Collected data entries:
[Start of Attachment]
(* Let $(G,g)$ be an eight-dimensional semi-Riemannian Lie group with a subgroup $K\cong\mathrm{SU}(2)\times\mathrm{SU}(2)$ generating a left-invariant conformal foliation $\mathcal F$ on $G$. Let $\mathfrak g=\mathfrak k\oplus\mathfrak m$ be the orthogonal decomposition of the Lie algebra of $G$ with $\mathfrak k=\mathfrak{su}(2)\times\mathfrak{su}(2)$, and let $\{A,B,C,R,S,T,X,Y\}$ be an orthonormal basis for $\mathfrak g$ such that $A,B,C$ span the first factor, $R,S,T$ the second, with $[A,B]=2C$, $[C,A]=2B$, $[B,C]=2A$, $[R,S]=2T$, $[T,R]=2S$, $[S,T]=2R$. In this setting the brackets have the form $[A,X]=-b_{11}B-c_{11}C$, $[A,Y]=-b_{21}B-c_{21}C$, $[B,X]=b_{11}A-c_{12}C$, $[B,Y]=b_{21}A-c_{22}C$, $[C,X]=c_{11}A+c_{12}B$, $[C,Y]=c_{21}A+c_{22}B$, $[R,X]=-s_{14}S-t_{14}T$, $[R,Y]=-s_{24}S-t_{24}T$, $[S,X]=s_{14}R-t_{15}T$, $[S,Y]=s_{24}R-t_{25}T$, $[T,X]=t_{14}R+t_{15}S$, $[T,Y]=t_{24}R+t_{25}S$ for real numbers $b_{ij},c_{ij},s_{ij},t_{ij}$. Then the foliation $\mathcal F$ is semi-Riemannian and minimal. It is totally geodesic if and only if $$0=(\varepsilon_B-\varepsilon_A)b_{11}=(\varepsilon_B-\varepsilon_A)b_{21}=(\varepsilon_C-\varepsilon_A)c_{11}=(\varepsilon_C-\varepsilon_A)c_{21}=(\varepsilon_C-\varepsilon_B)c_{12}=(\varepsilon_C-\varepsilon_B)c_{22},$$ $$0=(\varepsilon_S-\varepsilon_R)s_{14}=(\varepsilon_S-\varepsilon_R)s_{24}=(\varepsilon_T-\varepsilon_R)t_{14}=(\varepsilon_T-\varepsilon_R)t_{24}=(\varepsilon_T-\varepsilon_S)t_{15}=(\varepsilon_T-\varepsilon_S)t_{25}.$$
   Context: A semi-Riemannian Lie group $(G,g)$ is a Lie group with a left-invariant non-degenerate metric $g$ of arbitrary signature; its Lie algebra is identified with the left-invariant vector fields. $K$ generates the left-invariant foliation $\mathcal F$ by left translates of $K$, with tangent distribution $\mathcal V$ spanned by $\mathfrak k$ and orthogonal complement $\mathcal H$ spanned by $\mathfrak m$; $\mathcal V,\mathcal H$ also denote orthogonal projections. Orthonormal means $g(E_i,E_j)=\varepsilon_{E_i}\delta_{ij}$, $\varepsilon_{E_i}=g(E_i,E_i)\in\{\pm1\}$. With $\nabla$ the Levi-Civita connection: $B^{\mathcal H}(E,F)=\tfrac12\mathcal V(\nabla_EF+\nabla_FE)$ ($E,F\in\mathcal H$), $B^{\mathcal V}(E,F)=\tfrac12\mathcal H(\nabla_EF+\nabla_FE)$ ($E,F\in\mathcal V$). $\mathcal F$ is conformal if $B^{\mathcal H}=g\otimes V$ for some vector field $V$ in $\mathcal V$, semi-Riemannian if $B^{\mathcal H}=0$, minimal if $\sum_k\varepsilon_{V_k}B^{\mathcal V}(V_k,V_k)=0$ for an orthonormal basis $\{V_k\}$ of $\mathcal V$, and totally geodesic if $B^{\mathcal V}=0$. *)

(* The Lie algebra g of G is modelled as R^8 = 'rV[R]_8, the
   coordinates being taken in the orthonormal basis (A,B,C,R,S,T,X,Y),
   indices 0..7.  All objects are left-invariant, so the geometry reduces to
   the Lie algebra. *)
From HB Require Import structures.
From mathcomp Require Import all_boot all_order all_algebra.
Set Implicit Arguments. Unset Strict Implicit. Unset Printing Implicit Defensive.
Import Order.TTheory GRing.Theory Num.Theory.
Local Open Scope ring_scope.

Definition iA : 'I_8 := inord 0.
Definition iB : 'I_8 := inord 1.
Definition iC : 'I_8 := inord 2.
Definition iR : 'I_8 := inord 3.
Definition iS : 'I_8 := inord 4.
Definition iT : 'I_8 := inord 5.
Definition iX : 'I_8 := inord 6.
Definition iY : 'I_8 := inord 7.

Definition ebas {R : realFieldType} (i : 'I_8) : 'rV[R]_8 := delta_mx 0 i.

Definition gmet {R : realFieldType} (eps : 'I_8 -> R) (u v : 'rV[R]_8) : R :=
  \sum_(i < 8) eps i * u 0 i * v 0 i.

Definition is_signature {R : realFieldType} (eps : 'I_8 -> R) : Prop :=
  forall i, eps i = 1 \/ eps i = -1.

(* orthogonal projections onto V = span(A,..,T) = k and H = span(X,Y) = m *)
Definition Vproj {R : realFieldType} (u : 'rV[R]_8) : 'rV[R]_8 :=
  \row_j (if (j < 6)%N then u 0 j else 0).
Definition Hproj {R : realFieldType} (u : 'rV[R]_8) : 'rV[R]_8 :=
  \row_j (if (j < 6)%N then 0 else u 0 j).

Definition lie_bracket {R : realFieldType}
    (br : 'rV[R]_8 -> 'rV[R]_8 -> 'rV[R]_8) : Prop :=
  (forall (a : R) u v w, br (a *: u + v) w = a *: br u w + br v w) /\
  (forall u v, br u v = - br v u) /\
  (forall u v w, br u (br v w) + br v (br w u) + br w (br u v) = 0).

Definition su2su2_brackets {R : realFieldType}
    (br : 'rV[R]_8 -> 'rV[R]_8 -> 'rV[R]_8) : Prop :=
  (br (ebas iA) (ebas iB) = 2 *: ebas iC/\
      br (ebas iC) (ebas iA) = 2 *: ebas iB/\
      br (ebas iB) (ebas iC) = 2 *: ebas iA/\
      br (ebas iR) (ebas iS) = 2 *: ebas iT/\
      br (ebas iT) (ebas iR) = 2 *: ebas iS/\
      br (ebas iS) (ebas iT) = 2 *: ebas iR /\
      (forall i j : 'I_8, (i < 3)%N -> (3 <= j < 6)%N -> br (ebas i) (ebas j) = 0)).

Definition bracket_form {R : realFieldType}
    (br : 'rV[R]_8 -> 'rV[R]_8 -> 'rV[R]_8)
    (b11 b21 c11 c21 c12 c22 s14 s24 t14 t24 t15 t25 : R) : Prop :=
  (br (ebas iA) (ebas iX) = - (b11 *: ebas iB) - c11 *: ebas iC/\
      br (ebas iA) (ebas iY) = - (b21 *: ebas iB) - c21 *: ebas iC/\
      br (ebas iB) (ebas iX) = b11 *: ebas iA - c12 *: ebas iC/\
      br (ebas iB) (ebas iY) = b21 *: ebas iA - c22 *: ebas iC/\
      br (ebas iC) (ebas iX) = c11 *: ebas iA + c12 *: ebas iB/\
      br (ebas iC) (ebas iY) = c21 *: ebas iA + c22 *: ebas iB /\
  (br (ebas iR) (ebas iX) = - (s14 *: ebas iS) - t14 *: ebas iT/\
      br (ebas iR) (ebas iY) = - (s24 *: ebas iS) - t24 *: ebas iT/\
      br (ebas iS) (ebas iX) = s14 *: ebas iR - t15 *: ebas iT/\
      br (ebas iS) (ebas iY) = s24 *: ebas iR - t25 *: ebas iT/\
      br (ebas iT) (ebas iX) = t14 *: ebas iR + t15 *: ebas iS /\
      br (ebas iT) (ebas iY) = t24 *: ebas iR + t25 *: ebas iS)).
[End of Attachment]
Work to be completed: Repeat, word for word, all the lines above.

Response below:
(* Let $(G,g)$ be an eight-dimensional semi-Riemannian Lie group with a subgroup $K\cong\mathrm{SU}(2)\times\mathrm{SU}(2)$ generating a left-invariant conformal foliation $\mathcal F$ on $G$. Let $\mathfrak g=\mathfrak k\oplus\mathfrak m$ be the orthogonal decomposition of the Lie algebra of $G$ with $\mathfrak k=\mathfrak{su}(2)\times\mathfrak{su}(2)$, and let $\{A,B,C,R,S,T,X,Y\}$ be an orthonormal basis for $\mathfrak g$ such that $A,B,C$ span the first factor, $R,S,T$ the second, with $[A,B]=2C$, $[C,A]=2B$, $[B,C]=2A$, $[R,S]=2T$, $[T,R]=2S$, $[S,T]=2R$. In this setting the brackets have the form $[A,X]=-b_{11}B-c_{11}C$, $[A,Y]=-b_{21}B-c_{21}C$, $[B,X]=b_{11}A-c_{12}C$, $[B,Y]=b_{21}A-c_{22}C$, $[C,X]=c_{11}A+c_{12}B$, $[C,Y]=c_{21}A+c_{22}B$, $[R,X]=-s_{14}S-t_{14}T$, $[R,Y]=-s_{24}S-t_{24}T$, $[S,X]=s_{14}R-t_{15}T$, $[S,Y]=s_{24}R-t_{25}T$, $[T,X]=t_{14}R+t_{15}S$, $[T,Y]=t_{24}R+t_{25}S$ for real numbers $b_{ij},c_{ij},s_{ij},t_{ij}$. Then the foliation $\mathcal F$ is semi-Riemannian and minimal. It is totally geodesic if and only if $$0=(\varepsilon_B-\varepsilon_A)b_{11}=(\varepsilon_B-\varepsilon_A)b_{21}=(\varepsilon_C-\varepsilon_A)c_{11}=(\varepsilon_C-\varepsilon_A)c_{21}=(\varepsilon_C-\varepsilon_B)c_{12}=(\varepsilon_C-\varepsilon_B)c_{22},$$ $$0=(\varepsilon_S-\varepsilon_R)s_{14}=(\varepsilon_S-\varepsilon_R)s_{24}=(\varepsilon_T-\varepsilon_R)t_{14}=(\varepsilon_T-\varepsilon_R)t_{24}=(\varepsilon_T-\varepsilon_S)t_{15}=(\varepsilon_T-\varepsilon_S)t_{25}.$$
   Context: A semi-Riemannian Lie group $(G,g)$ is a Lie group with a left-invariant non-degenerate metric $g$ of arbitrary signature; its Lie algebra is identified with the left-invariant vector fields. $K$ generates the left-invariant foliation $\mathcal F$ by left translates of $K$, with tangent distribution $\mathcal V$ spanned by $\mathfrak k$ and orthogonal complement $\mathcal H$ spanned by $\mathfrak m$; $\mathcal V,\mathcal H$ also denote orthogonal projections. Orthonormal means $g(E_i,E_j)=\varepsilon_{E_i}\delta_{ij}$, $\varepsilon_{E_i}=g(E_i,E_i)\in\{\pm1\}$. With $\nabla$ the Levi-Civita connection: $B^{\mathcal H}(E,F)=\tfrac12\mathcal V(\nabla_EF+\nabla_FE)$ ($E,F\in\mathcal H$), $B^{\mathcal V}(E,F)=\tfrac12\mathcal H(\nabla_EF+\nabla_FE)$ ($E,F\in\mathcal V$). $\mathcal F$ is conformal if $B^{\mathcal H}=g\otimes V$ for some vector field $V$ in $\mathcal V$, semi-Riemannian if $B^{\mathcal H}=0$, minimal if $\sum_k\varepsilon_{V_k}B^{\mathcal V}(V_k,V_k)=0$ for an orthonormal basis $\{V_k\}$ of $\mathcal V$, and totally geodesic if $B^{\mathcal V}=0$. *)

(* The Lie algebra g of G is modelled as R^8 = 'rV[R]_8, the
   coordinates being taken in the orthonormal basis (A,B,C,R,S,T,X,Y),
   indices 0..7.  All objects are left-invariant, so the geometry reduces to
   the Lie algebra. *)
From HB Require Import structures.
From mathcomp Require Import all_boot all_order all_algebra.
Set Implicit Arguments. Unset Strict Implicit. Unset Printing Implicit Defensive.
Import Order.TTheory GRing.Theory Num.Theory.
Local Open Scope ring_scope.

Definition iA : 'I_8 := inord 0.
Definition iB : 'I_8 := inord 1.
Definition iC : 'I_8 := inord 2.
Definition iR : 'I_8 := inord 3.
Definition iS : 'I_8 := inord 4.
Definition iT : 'I_8 := inord 5.
Definition iX : 'I_8 := inord 6.
Definition iY : 'I_8 := inord 7.

Definition ebas {R : realFieldType} (i : 'I_8) : 'rV[R]_8 := delta_mx 0 i.

Definition gmet {R : realFieldType} (eps : 'I_8 -> R) (u v : 'rV[R]_8) : R :=
  \sum_(i < 8) eps i * u 0 i * v 0 i.

Definition is_signature {R : realFieldType} (eps : 'I_8 -> R) : Prop :=
  forall i, eps i = 1 \/ eps i = -1.

(* orthogonal projections onto V = span(A,..,T) = k and H = span(X,Y) = m *)
Definition Vproj {R : realFieldType} (u : 'rV[R]_8) : 'rV[R]_8 :=
  \row_j (if (j < 6)%N then u 0 j else 0).
Definition Hproj {R : realFieldType} (u : 'rV[R]_8) : 'rV[R]_8 :=
  \row_j (if (j < 6)%N then 0 else u 0 j).

Definition lie_bracket {R : realFieldType}
    (br : 'rV[R]_8 -> 'rV[R]_8 -> 'rV[R]_8) : Prop :=
  (forall (a : R) u v w, br (a *: u + v) w = a *: br u w + br v w) /\
  (forall u v, br u v = - br v u) /\
  (forall u v w, br u (br v w) + br v (br w u) + br w (br u v) = 0).

Definition su2su2_brackets {R : realFieldType}
    (br : 'rV[R]_8 -> 'rV[R]_8 -> 'rV[R]_8) : Prop :=
  (br (ebas iA) (ebas iB) = 2 *: ebas iC/\
      br (ebas iC) (ebas iA) = 2 *: ebas iB/\
      br (ebas iB) (ebas iC) = 2 *: ebas iA/\
      br (ebas iR) (ebas iS) = 2 *: ebas iT/\
      br (ebas iT) (ebas iR) = 2 *: ebas iS/\
      br (ebas iS) (ebas iT) = 2 *: ebas iR /\
      (forall i j : 'I_8, (i < 3)%N -> (3 <= j < 6)%N -> br (ebas i) (ebas j) = 0)).

Definition bracket_form {R : realFieldType}
    (br : 'rV[R]_8 -> 'rV[R]_8 -> 'rV[R]_8)
    (b11 b21 c11 c21 c12 c22 s14 s24 t14 t24 t15 t25 : R) : Prop :=
  (br (ebas iA) (ebas iX) = - (b11 *: ebas iB) - c11 *: ebas iC/\
      br (ebas iA) (ebas iY) = - (b21 *: ebas iB) - c21 *: ebas iC/\
      br (ebas iB) (ebas iX) = b11 *: ebas iA - c12 *: ebas iC/\
      br (ebas iB) (ebas iY) = b21 *: ebas iA - c22 *: ebas iC/\
      br (ebas iC) (ebas iX) = c11 *: ebas iA + c12 *: ebas iB/\
      br (ebas iC) (ebas iY) = c21 *: ebas iA + c22 *: ebas iB /\
  (br (ebas iR) (ebas iX) = - (s14 *: ebas iS) - t14 *: ebas iT/\
      br (ebas iR) (ebas iY) = - (s24 *: ebas iS) - t24 *: ebas iT/\
      br (ebas iS) (ebas iX) = s14 *: ebas iR - t15 *: ebas iT/\
      br (ebas iS) (ebas iY) = s24 *: ebas iR - t25 *: ebas iT/\
      br (ebas iT) (ebas iX) = t14 *: ebas iR + t15 *: ebas iS /\
      br (ebas iT) (ebas iY) = t24 *: ebas iR + t25 *: ebas iS)).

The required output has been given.